The big utilities are getting nervous. A century ago, the North American power grid was an unfolding technical marvel rooted in a nation’s way of life and delivering a clear public good.
Today, innovation in energy technology, regulatory changes, and shifting social values are de-centralizing the power supply. As more consumers install rooftop solar and home batteries, fewer draw from the power grid. Some states have enacted regulations to stop or slow certain disruptive changes. Others have viewed the progress as a prompt to re-think the utilities’ business models.
“What’s happening with the electric utilities in North America and around the world has a lot in common with what happened to the telecommunications companies at the advent of cell phones,” observes Seth Blumsack, an energy expert at Penn State who recently spent a sabbatical at SFI.
Blumsack is co-organizer of a workshop at SFI this week, with External Professor Jessika Trancik (MIT) and Professor Cris Moore, that will parse the complex nature of this transition in the electric power industry. The workshop – The Nature of Technological, Social, and Industrial Innovation and Transition in Power Generation and Delivery – brings scientists, historians, technology experts, engineers, and policy experts together to discuss creative ways to manage the ongoing and potentially disruptive transition.
Unlike two previous SFI workshops on the power grid, which focused on engineering power delivery systems, this week's workshop will explore social and regulatory issues and the role of innovation in our shifting electricity landscape.

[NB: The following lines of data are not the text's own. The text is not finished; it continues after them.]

(* Let $p$ be a prime, $q=p^m$, $\pi\in\mathbb C_p$ a root of $X^{p-1}+p$, and write $\exp(\pi X-\pi X^q)=\sum_{n\ge0}\lambda^{(m)}_nX^n$. Then in $\mathbb Z_p[\zeta_p]$: if $0\le n\le q-1$, $\lambda^{(m)}_n\equiv\frac{\pi^{s_p(n)}}{n!!}\mod\pi^{s_p(n)+p-1}$; if $n\ge q$, $\lambda^{(m)}_n\equiv0\mod\pi^{s_p(n)+p-1}$.
   Context: For $n=n_0+n_1p+\dots+n_tp^t$ with $0\le n_i\le p-1$, $s_p(n)=n_0+\dots+n_t$ and $n!!=n_0!\,n_1!\cdots n_t!$. Note $\mathbb Q_p(\pi)=\mathbb Q_p(\zeta_p)$ and $\pi$ generates the maximal ideal of $\mathbb Z_p[\zeta_p]$. *)

From HB Require Import structures.
From mathcomp Require Import all_boot all_order all_algebra.
Set Implicit Arguments. Unset Strict Implicit. Unset Printing Implicit Defensive.
Import Order.TTheory GRing.Theory Num.Theory.
Local Open Scope ring_scope.

(* Base-p digits: n = \sum_i digit p n i * p^i (digits beyond index n vanish). *)
Definition digit (p n i : nat) : nat := (n %/ p ^ i) %% p.

Definition sp (p n : nat) : nat := (\sum_(i < n.+1) digit p n i)%N.

Definition dfact (p n : nat) : nat := (\prod_(i < n.+1) (digit p n i)`!)%N.

Definition p_integral (p : nat) (c : rat) : bool := ~~ (p %| `|denq c|)%N.

(* Elements of Q(pi) = Q[X]/(X^(p-1)+p) are represented by polynomials in
   pi (the variable 'X), pi being a root of X^(p-1)+p.
   pi_cong p k A B  <->  A(pi) = B(pi) mod pi^k in Z_p[pi] = Z_p[zeta_p],
   i.e. A(pi) - B(pi) = pi^k * W(pi) with W having p-integral coefficients. *)
Definition pi_cong (p k : nat) (A B : {poly rat}) : Prop :=
  exists W : {poly rat}, (forall i, p_integral p W`_i) /\
    ('X^(p.-1) + (p%:R)%:P) %| (A - B - 'X^k * W).

(* The series exp(pi X - pi X^q), q = p^m, as a polynomial in X whose
   coefficients are polynomials in pi (inner variable).  Its n-th coefficient
   lambda^(m)_n is the coefficient of X^n in \sum_(k<=n) f^k / k!, where
   f = pi X - pi X^q (terms with k > n do not contribute since f(0) = 0). *)
Definition expf (p m : nat) : {poly {poly rat}} :=
  ('X%:P) * 'X - ('X%:P) * 'X^(p ^ m).

Definition lambda (p m n : nat) : {poly rat} :=
  (\sum_(k < n.+1) (((k`!)%:R : rat)^-1)%:P%:P * (expf p m) ^+ k)`_n.

(* lambda_n = sum_b (-1)^b pi^(n-qb)/(n-qb)! pi^b/b! is the coefficient of X^n in
   exp(pi X) exp(-pi X^q).  Legendre's formula a! = p^e w with (p-1) e + s_p(a) = a,
   Wilson's theorem w = (-1)^e a!! mod p, and pi^(p-1) = -p give
   pi^a/a! = pi^(s_p(a))/a!! mod pi^(s_p(a)+p-1).  For n < q only b = 0 contributes.
   For n = x + q N with x < q and N > 0, the digits of n - qb = x + q (N-b) let one
   replace pi^(n-qb)/(n-qb)! by pi^(s_p(x))/x!! pi^(N-b)/(N-b)! modulo
   pi^(s_p(n)+p-1), since s_p(N) <= s_p(N-b) + s_p(b); what remains is pi^(s_p(x))/x!!
   times the coefficient of X^N in exp(pi X) exp(-pi X) = 1, which is 0. *)

From HB Require Import structures.
From mathcomp Require Import all_boot all_order all_algebra.
From mathcomp Require Import ring zify.
Set Implicit Arguments. Unset Strict Implicit. Unset Printing Implicit Defensive.
Import Order.TTheory GRing.Theory Num.Theory.
Local Open Scope ring_scope.

(* The localisation of Z at the integers coprime to p, i.e. Z_(p) for p prime;
   phrased with coprimality so that it is a subring for every p. *)
Definition Zlocal (p : nat) : {pred rat} := fun c => coprime p `|denq c|.

Lemma ZlocalP p c :
  reflect (exists2 d : nat, coprime p d & c * d%:R \is a Num.int) (c \in Zlocal p).
Proof.
apply: (iffP idP) => [cop | [d cop /intrP [z cdz]]].
  by exists `|denq c|%N => //; rewrite natr_absz gtr0_norm // -numqE intr_int.
have eq_int : numq c * d%:Z = z * denq c.
  by apply: (@intr_inj rat); rewrite !rmorphM /= numqE -cdz mulrAC.
have : (`|denq c| %| `|numq c| * d)%N.
  by apply/dvdnP; exists `|z|%N; rewrite -abszM -eq_int abszM.
by rewrite Gauss_dvdr 1?coprime_sym ?coprime_num_den // => /coprime_dvdr; apply.
Qed.

Lemma Zlocal_subring_closed p : subring_closed (Zlocal p).
Proof.
split; first by apply/ZlocalP; exists 1%N; rewrite ?coprimen1 // mulr1 rpred1.
  move=> a b /ZlocalP [d1 c1 i1] /ZlocalP [d2 c2 i2]; apply/ZlocalP.
  exists (d1 * d2)%N; first by rewrite coprimeMr c1.
  rewrite natrM mulrBl mulrA [d1%:R * _]mulrC mulrA rpredB // rpredM //; exact: natr_int.
move=> a b /ZlocalP [d1 c1 i1] /ZlocalP [d2 c2 i2]; apply/ZlocalP.
exists (d1 * d2)%N; first by rewrite coprimeMr c1.
by rewrite natrM mulrACA rpredM.
Qed.

HB.instance Definition _ (p : nat) :=
  GRing.isSubringClosed.Build rat (Zlocal p) (Zlocal_subring_closed p).

Lemma Zlocal_invn p d : coprime p d -> (d%:R)^-1 \in Zlocal p.
Proof.
have [->|d_gt0 cop] := posnP d; first by rewrite invr0 rpred0.
by apply/ZlocalP; exists d; rewrite // mulVf ?pnatr_eq0 -?lt0n // rpred1.
Qed.

Section Digits.
Variable p : nat.
Hypothesis p_gt1 : (1 < p)%N.

Lemma digit_eq0 n i : (n <= i)%N -> digit p n i = 0%N.
Proof.
move=> le_ni; rewrite /digit divn_small ?mod0n //.
exact: leq_ltn_trans le_ni (ltn_expl _ p_gt1).
Qed.

Variables (R : Type) (idx : R) (op : Monoid.com_law idx) (f : nat -> R).
Hypothesis f0 : f 0%N = idx.

Let digit_big n := \big[op/idx]_(i < n.+1) f (digit p n i).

“Energy conversion and storage technologies are evolving rapidly, and new low-carbon technologies are being installed in a rather uncoordinated way,” says Trancik. “Electric utilities are being forced to adapt, and in this workshop we hope to step back and understand the rate and characteristics of this transformation. We also plan to look at these changes within the context of history and other sectors of the economy.”

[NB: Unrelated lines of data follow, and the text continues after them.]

Lemma elementary_resolvent (t : U -> R) (g : U -> nat -> R) :
  elementary t -> (forall i, elementary (fun x => g x i)) ->
  forall j, elementary (fun x => resolvent (t x) (g x) j).
Proof.
move=> et eg j.
have eh i : elementary (fun x => (g x - t x *: Aop (g x)) i).
  apply: eq_elementary (elementaryB (eg i) (elementaryM et (elementary_Aop eg i))).
  by move=> x; rewrite !fctE.
have ec : elementary (fun x => 1 + t x ^+ 2).
  exact: elementaryD (elementary_cst 1) (elementary_sqr et).
have c0 x := sqr_add1_neq0 (t x).
have c20 x : (1 + t x ^+ 2) ^+ 2 != 0 by rewrite expf_neq0.
have := elementaryD (elementaryM (elementaryV ec c0) (eh j))
  (elementaryM (elementary_div (elementary_sqr et) (elementary_sqr ec) c20)
               (elementaryD (elementary_Aop (elementary_Aop eh) j) (eh j))).
by apply: eq_elementary => x; rewrite /resolvent !fctE.
Qed.

End OperatorElementary.

Section ContactForm.
Variables (R : realType) (k : nat).
Local Notation n := k.*2.+1.
Implicit Types (V : 'rV[R]_n -> 'rV[R]_n) (x : 'rV[R]_n).

Lemma dalphaC V x i j : dalpha V x i j = - dalpha V x j i.
Proof. by rewrite /dalpha opprB. Qed.

Lemma inord_succ_neq0 m j : (j < m)%N -> inord j.+1 != ord0 :> 'I_m.+1.
Proof. by move=> jm; apply/eqP => /(congr1 val) /=; rewrite inordK. Qed.

Lemma alpha_wedge_dalpha_pow_eq0 V x (i1 : 'I_n) :
  (forall i, i != ord0 -> alpha V x i = 0) -> i1 != ord0 ->
  (forall j, j != ord0 -> dalpha V x i1 j = 0) ->
  alpha_wedge_dalpha_pow V x = 0.
Proof.
move=> alpha0 i1_neq0 i1_ker; rewrite /alpha_wedge_dalpha_pow big1 // => s _.
have [s0|s0] := eqVneq (s ord0) ord0; last by rewrite alpha0 // mulr0 mul0r.
have s_neq0 j : j != ord0 -> s j != ord0.
  by apply: contraNneq => sj0; rewrite -s0 in sj0; rewrite (perm_inj sj0).
set j1 := (s^-1)%g i1; have sj1 : s j1 = i1 by rewrite permKV.
have j1_gt0 : (0 < j1)%N.
  rewrite lt0n; apply: contraNneq i1_neq0 => j10.
  by rewrite -sj1 (_ : j1 = ord0) ?s0 //; exact: val_inj.
have j1E := odd_double_half j1.-1; set m := (j1.-1)./2 in j1E.
have mk : (m < k)%N by have := ltn_ord j1; lia.
suff pair_m : dalpha V x (s (inord m.*2.+1)) (s (inord m.*2.+2)) = 0.
  by rewrite (bigD1 (Ordinal mk)) //= pair_m mul0r mulr0.
case: (odd j1.-1) in j1E.
- have -> : inord m.*2.+2 = j1 by apply: val_inj; rewrite /= inordK; lia.
  by rewrite sj1 dalphaC i1_ker ?oppr0 // s_neq0 // inord_succ_neq0 //; lia.
- have -> : inord m.*2.+1 = j1 by apply: val_inj; rewrite /= inordK; lia.
  by rewrite sj1 i1_ker // s_neq0 // inord_succ_neq0 //; lia.
Qed.

End ContactForm.

Section Normalization.
Variables (R : realType) (n : nat).
Local Notation U := 'rV[R]_n.

Definition enorm (v : U) : R := Num.sqrt (\sum_(i < n) v 0 i ^+ 2).

Definition normalize (v : U) : U := (enorm v)^-1 *: v.

Lemma normalize_sum_sqr (v : U) : 0 < enorm v -> \sum_(i < n) normalize v 0 i ^+ 2 = 1.
Proof.
rewrite sqrtr_gt0 => v0.
have N0 : enorm v ^+ 2 != 0 by rewrite sqr_sqrtr ?ltW // gt_eqF.
under eq_bigr do rewrite mxE exprMn exprVn.
by rewrite -mulr_sumr sqr_sqrtr ?ltW // mulVf // gt_eqF.
Qed.

Lemma elementary_field_normalize (G : U -> U) : elementary_field G ->
  (forall x, 0 < enorm (G x)) -> elementary_field (fun x => normalize (G x)).
Proof.
move=> eG G0 j.
have eN : elementary (fun x => enorm (G x)).
  apply: elementary_sqrt => [|x]; first by apply: elementary_sum => i; exact: elementary_sqr.
  by rewrite -sqrtr_gt0; exact: G0.
apply: eq_elementary (elementary_div (eG j) eN (fun x => lt0r_neq0 (G0 x))) => x.
by rewrite mxE mulrC.
Qed.

End Normalization.

Section Construction.
Variables (R : realType) (k : nat).
Hypothesis k2 : (2 <= k)%N.
Local Notation n := k.*2.+1.
Local Notation U := 'rV[R]_n.

Definition tcoord (x : U) : R := x 0 ord0.

Definition qcoord (x : U) (j : nat) : R := if (j < k.*2)%N then x 0 (inord j.+1) else 0.

Definition slope (x : U) : nat -> R := resolvent (tcoord x) (Aop (qcoord x)).

Definition direction (x : U) : U := \row_i if (i : nat) is j.+1 then slope x j else 1.

Definition fiber_field (x : U) : U := normalize (direction x).

Lemma coordE (x : U) (i : 'I_n) : x 0 i = if (i : nat) is j.+1 then qcoord x j else tcoord x.
Proof.
case: i => [[|j] ij] /=; first by congr (x 0 _); exact: val_inj.
by rewrite /qcoord -ltnS ij; congr (x 0 _); apply: val_inj; rewrite /= inordK.
Qed.

Lemma direction0 x : direction x 0 ord0 = 1.
Proof. by rewrite mxE. Qed.

Lemma direction_succ x j : (j < k.*2)%N -> direction x 0 (inord j.+1) = slope x j.
Proof. by move=> jk; rewrite mxE inordK. Qed.

Lemma qcoord_supported x : supported k.*2 (qcoord x).
Proof. by move=> j kj; rewrite /qcoord ltnNge kj. Qed.

Lemma slope_supported x : supported k.*2 (slope x).
Proof.
have k3 : (3 < k.*2)%N by rewrite -(doubleS 1) leq_double.
have ek : ~~ odd k.*2 by rewrite odd_double.
exact/(resolvent_supported _ k3 ek)/(Aop_supported k3 ek)/qcoord_supported.
Qed.

Lemma slopeE x : slope x + tcoord x *: Aop (slope x) = Aop (qcoord x).
Proof. exact: resolventE. Qed.

Lemma enorm_direction_gt0 x : 0 < enorm (direction x).
Proof.
rewrite sqrtr_gt0 (bigD1 ord0) //= direction0 expr1n (lt_le_trans ltr01) // lerDl.
by apply: sumr_ge0 => i _; exact: sqr_ge0.
Qed.

Lemma fiber_field_unit : unit_field fiber_field.
Proof. by move=> x; exact: normalize_sum_sqr (enorm_direction_gt0 x). Qed.

Lemma elementary_qcoord j : elementary (fun x : U => qcoord x j).
Proof. by rewrite /qcoord; case: (j < k.*2)%N; [exact: elementary_coord | exact: elementary_cst]. Qed.

Lemma elementary_slope j : elementary (fun x : U => slope x j).
Proof.
apply: (elementary_resolvent (t := tcoord) (g := fun x => Aop (qcoord x))).
  exact: elementary_coord.
exact: elementary_Aop elementary_qcoord.
Qed.

Lemma elementary_field_fiber_field : elementary_field fiber_field.
Proof.
apply/elementary_field_normalize/enorm_direction_gt0 => i.
have ei : elementary (fun x : U => if (i : nat) is j.+1 then slope x j else 1).
  by case: (i : nat) => [|j]; [exact: elementary_cst | exact: elementary_slope].
by apply: eq_elementary ei => x; rewrite mxE.
Qed.

Lemma tcoord_line x s : tcoord (s *: direction x + x) = s + tcoord x.
Proof. by rewrite /tcoord 2!mxE direction0 mulr1. Qed.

“In some cases, new technologies can enter disruptively, simply because they are cheap and popular,” Moore observes. “In other cases, there are significant barriers to entry based on how we have built our infrastructure, written our regulations, trained our engineers, and so on. It also depends on society’s default assumptions: for instance, why did my home come with a refrigerator but not with solar panels? Why will my mortgage company help me buy a bigger house, but not a more energy-efficient one?”

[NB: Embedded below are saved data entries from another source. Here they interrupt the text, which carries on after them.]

(* Let $A,B\in\mathcal M_n$ be accretive and $f\in\mathfrak m$. Then $$\Re(A\sigma_fB)\ge(\Re A)\,\sigma_f\,(\Re B).$$ In particular, $A\sigma_fB$ is accretive.
   Context: A matrix $A$ is accretive if $\Re A=\frac{A+A^*}{2}$ is positive definite. $\le$ is the Löwner order. $\mathfrak m$ is the set of matrix monotone $f:(0,\infty)\to(0,\infty)$ with $f(1)=1$; each has a unique probability measure $\nu_f$ on $[0,1]$ with $f(x)=\int_0^1((1-t)+tx^{-1})^{-1}d\nu_f(t)$, $x>0$. For accretive (in particular positive definite) $A,B$: $A!_tB=((1-t)A^{-1}+tB^{-1})^{-1}$ and $A\sigma_fB:=\int_0^1A!_tB\,d\nu_f(t)$ (for positive definite $A,B$ this is the Kubo–Ando mean $A^{1/2}f(A^{-1/2}BA^{-1/2})A^{1/2}$). *)

From Stdlib Require Import Reals ClassicalEpsilon.
Open Scope R_scope.

Record C := mkC { re : R; im : R }.
Definition C0 : C := mkC 0 0.
Definition C1 : C := mkC 1 0.
Definition RtoC (r : R) : C := mkC r 0.
Definition Cadd (z w : C) : C := mkC (re z + re w) (im z + im w).
Definition Copp (z : C) : C := mkC (- re z) (- im z).
Definition Cmul (z w : C) : C :=
  mkC (re z * re w - im z * im w) (re z * im w + im z * re w).
Definition Cconj (z : C) : C := mkC (re z) (- im z).
Definition Cscal (r : R) (z : C) : C := mkC (r * re z) (r * im z).

Fixpoint Csum (n : nat) (g : nat -> C) : C :=
  match n with O => C0 | S m => Cadd (Csum m g) (g m) end.

(* ---------- matrices: an n x n matrix is given by its entries (i,j), i,j < n;
   entries outside the n x n block are irrelevant ---------- *)
Definition Mat := nat -> nat -> C.
Definition Vec := nat -> C.

Definition meq (n : nat) (A B : Mat) : Prop :=
  forall i j, (i < n)%nat -> (j < n)%nat -> A i j = B i j.
Definition mId : Mat := fun i j => if Nat.eqb i j then C1 else C0.
Definition mzero : Mat := fun _ _ => C0.
Definition madd (A B : Mat) : Mat := fun i j => Cadd (A i j) (B i j).
Definition msub (A B : Mat) : Mat := fun i j => Cadd (A i j) (Copp (B i j)).
Definition mscal (r : R) (A : Mat) : Mat := fun i j => Cscal r (A i j).
Definition mmul (n : nat) (A B : Mat) : Mat :=
  fun i j => Csum n (fun k => Cmul (A i k) (B k j)).
Definition madj (A : Mat) : Mat := fun i j => Cconj (A j i).
Definition mdiag (l : nat -> R) : Mat :=
  fun i j => if Nat.eqb i j then RtoC (l i) else C0.

Definition ReM (A : Mat) : Mat := mscal (/ 2) (madd A (madj A)).

Definition qform (n : nat) (A : Mat) (x : Vec) : C :=
  Csum n (fun i => Csum n (fun j => Cmul (Cconj (x i)) (Cmul (A i j) (x j)))).
Definition nonzero_vec (n : nat) (x : Vec) : Prop :=
  exists i, (i < n)%nat /\ x i <> C0.

Definition hermitian (n : nat) (A : Mat) : Prop := meq n (madj A) A.
Definition posdef (n : nat) (A : Mat) : Prop :=
  hermitian n A /\ forall x, nonzero_vec n x -> 0 < re (qform n A x).
Definition possemidef (n : nat) (A : Mat) : Prop :=
  hermitian n A /\ forall x, 0 <= re (qform n A x).

Definition loewner_le (n : nat) (A B : Mat) : Prop := possemidef n (msub B A).

Definition accretive (n : nat) (A : Mat) : Prop := posdef n (ReM A).

Definition is_inverse (n : nat) (A X : Mat) : Prop :=
  meq n (mmul n A X) mId /\ meq n (mmul n X A) mId.
Definition minv (n : nat) (A : Mat) : Mat :=
  epsilon (inhabits mzero) (fun X => is_inverse n A X).

Definition harm (n : nat) (t : R) (A B : Mat) : Mat :=
  minv n (madd (mscal (1 - t) (minv n A)) (mscal t (minv n B))).

(* ---------- probability measures on [0,1] ----------
   No measure theory is available; a Borel probability measure nu on [0,1]
   is represented (Riesz) by its integration functional L g = int g dnu,
   a normalized positive linear functional on C([0,1]) which only depends
   on the values of g on [0,1]. *)
Definition in01 (t : R) : Prop := 0 <= t <= 1.
Definition cont01 (g : R -> R) : Prop :=
  forall t, in01 t -> limit1_in g in01 (g t) t.

Definition prob01 (L : (R -> R) -> R) : Prop :=
  (forall g h, (forall t, in01 t -> g t = h t) -> L g = L h) /\
  (forall a b g h, cont01 g -> cont01 h ->
     L (fun t => a * g t + b * h t) = a * L g + b * L h) /\
  (forall g, cont01 g -> (forall t, in01 t -> 0 <= g t) -> 0 <= L g) /\
  L (fun _ => 1) = 1.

SFI provides a unique opportunity to bring together scholars from disparate areas to begin to explore these complex, interrelated questions, Blumsack says.
“What I’m hoping will come out of this workshop are ideas for modeling or research that capture how these technical and social and regulatory systems can become more coordinated,” he says. “I also hope we arrive at a more firm understanding of how all those systems impact one another.”